Retrospective tort immunity puts the EU free trade deal in jeopardy

A cargo ship loaded with containers at Hamburg's bustling commercial dock.

A one-week bill with constitutional weight

In early July 2026, Parliament passed the first reading of the Climate Change Response (Tort Liability) Amendment Bill under urgency. It would retrospectively extinguish iwi activist Mike Smith’s lawsuit against New Zealand’s six biggest greenhouse gas emitters, a case the Supreme Court had already agreed to hear, and bar all future climate tort claims.

The process alone should make business leaders uneasy. Public submissions closed after barely a week, with oral hearings compressed into a single day of five- and ten-minute slots. For legislation that retroactively strips rights already before the country’s highest court, that is an extraordinary truncation of scrutiny.

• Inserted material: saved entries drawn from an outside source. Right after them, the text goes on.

(* The outer hypothesis is needed only when all three terms are nodes: it makes
   <= a partial order on the union of their components. *)
Lemma trans_at_step (n : nat) : (forall m, m < n -> trans_at m) -> trans_at n.
Proof.
  intros IHn r s t Hr Hs Ht; revert r s Hr Hs Ht.
  induction t as [y | e IH] using (tm_ind (t0 := TW)); intros r s Hr Hs Ht Lrs Lst.
  - apply tle_bar_r in Lst; destruct Lst as [x [-> Lxy]].
    apply tle_bar_r in Lrs; destruct Lrs as [z [-> Lzx]].
    apply tle_bar_r; exists z; split; [reflexivity | exact (ple_trans Lzx Lxy)].
  - destruct (height_le_node_inv Ht) as [m [-> He]].
    assert (He' : forall u, nd_set e u -> height_le u (S m))
      by (intros u hu; apply (height_le_mono (He u hu)); lia).
    apply tle_node_r in Lst; destruct Lst as [[u [hu Lsu]] | [d [-> Hde]]].
    { apply tle_node_r; left; exists u; split; [exact hu|].
      exact (IH u hu r s Hr Hs (He' u hu) Lrs Lsu). }
    destruct (height_le_node_inv Hs) as [m' [Em Hd]]; injection Em as <-.
    apply tle_node_r in Lrs; destruct Lrs as [[s' [hs' Lrs']] | [c [-> Hcd]]].
    + destruct (node_le_members Hn Hde hs') as [u [hu Ls'u]].
      apply tle_node_r; left; exists u; split; [exact hu|].
      refine (IH u hu r s' Hr _ (He' u hu) Lrs' Ls'u).
      apply (height_le_mono (Hd s' hs')); lia.
    + destruct (height_le_node_inv Hr) as [m' [Em Hc]]; injection Em as <-.
      apply tle_node_r; right; exists c; split; [reflexivity|].
      pose (U := fun x => nd_set c x \/ nd_set d x \/ nd_set e x).
      assert (hU : po_on (tle TW) U).
      { apply (po_on_of_trans_at (n := m)); [apply IHn; lia|].
        intros x [hx | [hx | hx]]; auto. }
      apply (node_le_trans hU (fun x hx => or_introl hx) (fun x hx => or_intror (or_introl hx))
               (fun x hx => or_intror (or_intror hx)) Hcd Hde).
Qed.

Lemma tle_trans (r s t : TW) : tle TW r s -> tle TW s t -> tle TW r t.
Proof.
  destruct (height_le_exists r) as [i Hr], (height_le_exists s) as [j Hs],
    (height_le_exists t) as [k Ht].
  apply (lt_wf_ind (i + j + k) trans_at trans_at_step);
    [apply (height_le_mono Hr) | apply (height_le_mono Hs) | apply (height_le_mono Ht)]; lia.
Qed.

Lemma tle_is_po : is_po (tle TW).
Proof. split; [exact tle_refl | split; [exact tle_trans | exact tle_anti]]. Qed.

End Terms.

Theorem theorem3p3 (W : dilator) (X : po) (TW : term_model W X) :
  normal W ->
  exists H : is_po (tle TW),
    forall kappa : W (PO_of H) -> PO_of H,
      (* kappa_X(sigma) = circ(a, sigma0) whenever sigma =_NF W(iota_a)(sigma0) *)
      (forall d : node_data W (tle TW),
          kappa (Wm W (incl_top H (nd_po d)) (nd_elt d)) = tnode TW d) ->
      kruskal_fp W X (PO_of H) (tbar TW) kappa.
Proof.
  intros Hn; exists (tle_is_po TW Hn); intros kappa Hk.
  split; [|split; [|split; [|split]]].
  - intros x s; destruct (node_data_of s) as [d <-]; rewrite Hk; apply tbar_node.
  - exact (@tle_bar_bar W X TW).
  - intros x t; destruct (node_data_of t) as [e <-]; rewrite Hk, fin_le1_supp_top.
    apply tle_bar_node.
  - intros s y; destruct (node_data_of s) as [d <-]; rewrite Hk; apply node_not_le_bar.
  - intros s t; destruct (node_data_of s) as [d <-], (node_data_of t) as [e <-].
    rewrite !Hk, fin_le1_supp_top, <- node_le_top; simpl; rewrite tle_node_node; tauto.
Qed.
(* Let $X$ be a space and $Y$ a preopen (e.g., dense) subspace of $X$ which is an E-space. Then $Y$ is $F_{\aleph_0}$-embedded in $X$. In particular, every metrizable dense subspace of $X$ is $F_{\aleph_0}$-embedded in $X$.
   Context: ''Space'' means topological $T_0$-space. $Y$ is preopen in $X$ if $Y\subseteq\mathrm{int}_X(\mathrm{cl}_X(Y))$. A zero-set (cozero-set) of $X$ is $f^{-1}(0)$ (resp. its complement) for a continuous $f:X\to[0,1]$. A U-representation of $V\subseteq X$ is a sequence $(U_n(V))_{n\in\mathbb{N}}$ with $V=\bigcup_n U_n(V)$, $U_n(V)\subseteq U_{n+1}(V)$, $U_{2n-1}(V)$ a zero-set, $U_{2n}(V)$ a cozero-set. A family $\alpha$ is an almost subbase of $X$ if U-representations of its members can be chosen so that $\alpha\cup\{X\setminus U_{2n-1}(V):V\in\alpha,n\in\mathbb{N}\}$ is a subbase of $X$. A family is strongly point-finite if every countably infinite subfamily contains a finite subfamily with empty intersection; $\sigma$-strongly point-finite means a countable union of such families. An E-space is a space with a $\sigma$-strongly point-finite almost subbase. A family $\mathcal{U}$ F-separates $S\subseteq X$ if for distinct $x,y\in S$ some $U\in\mathcal{U}$ satisfies $x\in U$, $y\notin\mathrm{cl}_X(U)$, or vice versa. $Y$ is $F_{\aleph_0}$-embedded in $X$ if some family of open subsets of $X$ that is a countable union of point-finite families F-separates $Y$. *)

From HB Require Import structures.
From mathcomp Require Import all_boot all_order all_algebra.
From mathcomp Require Import all_classical all_reals topology normedtype.
Set Implicit Arguments. Unset Strict Implicit. Unset Printing Implicit Defensive.
Import Order.TTheory GRing.Theory Num.Theory numFieldNormedType.Exports.
Local Open Scope classical_set_scope.
Local Open Scope ring_scope.

Section Defs.
Context (R : realType) (X : topologicalType).

(* "space" = T0 space *)
Definition T0_space : Prop :=
  forall x y : X, x <> y ->
    exists U : set X, open U /\ ((U x /\ ~ U y) \/ (U y /\ ~ U x)).

Definition preopen (Y : set X) : Prop := Y `<=` interior (closure Y).

Definition rel_open (Y V : set X) : Prop := exists U : set X, open U /\ V = U `&` Y.

Definition zero_set_of (Y Z : set X) : Prop :=
  exists f : X -> R, {within Y, continuous f} /\
    (forall x, Y x -> 0 <= f x <= 1) /\ Z = Y `&` f @^-1` [set 0].

Definition cozero_set_of (Y C : set X) : Prop :=
  exists Z, zero_set_of Y Z /\ C = Y `\` Z.

(* U-representation of V (indices shifted by one: u k = U_{k+1}), so
   u (2n) = U_{2n+1} is a zero-set and u (2n+1) = U_{2n+2} a cozero-set. *)
Definition U_representation (Y V : set X) (u : nat -> set X) : Prop :=
  V = \bigcup_n u n /\ (forall n, u n `<=` u n.+1) /\
  (forall n, zero_set_of Y (u n.*2)) /\ (forall n, cozero_set_of Y (u n.*2.+1)).

(* beta is a subbase of the subspace Y: its members are open in Y and finite
   intersections of its members (the empty intersection being Y) form a base. *)
Definition subbase_of (Y : set X) (beta : set (set X)) : Prop :=
  (forall B, beta B -> rel_open Y B) /\
  (forall W x, rel_open Y W -> W x ->
     exists s : seq (set X), (forall B, B \in s -> beta B) /\
       Y x /\ (forall B, B \in s -> B x) /\
       (forall y, Y y -> (forall B, B \in s -> B y) -> W y)).

Definition almost_subbase (Y : set X) (alpha : set (set X)) : Prop :=
  exists rep : set X -> nat -> set X,
    (forall V, alpha V -> U_representation Y V (rep V)) /\
    subbase_of Y (alpha `|` [set Y `\` rep V n.*2 | V in alpha & n in @setT nat]).

Definition strongly_point_finite (Y : set X) (F : set (set X)) : Prop :=
  forall G : set (set X), G `<=` F -> countable G -> infinite_set G ->
    exists G' : set (set X), G' `<=` G /\ finite_set G' /\
      Y `&` \bigcap_(A in G') A = set0.

Definition sigma_strongly_point_finite (Y : set X) (F : set (set X)) : Prop :=
  exists Fn : nat -> set (set X), F = \bigcup_n Fn n /\
    forall n, strongly_point_finite Y (Fn n).

Definition E_subspace (Y : set X) : Prop :=
  exists alpha : set (set X), (forall V, alpha V -> V `<=` Y) /\
    sigma_strongly_point_finite Y alpha /\ almost_subbase Y alpha.

Definition point_finite (F : set (set X)) : Prop :=
  forall x : X, finite_set [set A | F A /\ A x].

Definition F_separates (U : set (set X)) (S : set X) : Prop :=
  forall x y, S x -> S y -> x <> y ->
    exists A, U A /\ ((A x /\ ~ closure A y) \/ (A y /\ ~ closure A x)).

Definition F_aleph0_embedded (Y : set X) : Prop :=
  exists Un : nat -> set (set X),
    (forall n A, Un n A -> open A) /\ (forall n, point_finite (Un n)) /\
    F_separates (\bigcup_n Un n) Y.

Definition metrizable_subspace (Y : set X) : Prop :=
  exists d : X -> X -> R,
    (forall x y, Y x -> Y y -> 0 <= d x y) /\
    (forall x y, Y x -> Y y -> (d x y = 0 <-> x = y)) /\
    (forall x y, Y x -> Y y -> d x y = d y x) /\
    (forall x y z, Y x -> Y y -> Y z -> d x z <= d x y + d y z) /\
    (forall V, V `<=` Y ->
       (rel_open Y V <-> forall x, V x -> exists2 e : R, 0 < e &
          forall y, Y y -> d x y < e -> V y)).
End Defs.

From mathcomp Require Import all_boot all_order all_algebra.
From mathcomp Require Import all_classical all_reals topology normedtype wochoice.
From mathcomp Require Import lra.
Set Implicit Arguments. Unset Strict Implicit. Unset Printing Implicit Defensive.
Import Order.TTheory GRing.Theory Num.Theory numFieldNormedType.Exports.
Local Open Scope classical_set_scope.
Local Open Scope ring_scope.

The backstory is murkier still. RNZ revealed that Fonterra and Z Energy, two of the six defendants, had handed the prime minister’s office a previously undisclosed briefing asking for a law change essentially identical to the one now before the House. That looks less like principled policy and more like a legislative favour.

The certainty argument

Justice Minister Paul Goldsmith frames the bill as protecting investment. “Ultimately, if there is a legal uncertainty, there is less investment over time, and that affects us all by making our country less competitive,” he told Parliament. His argument is that the Emissions Trading Scheme already sets climate policy, and courts should stay out of it.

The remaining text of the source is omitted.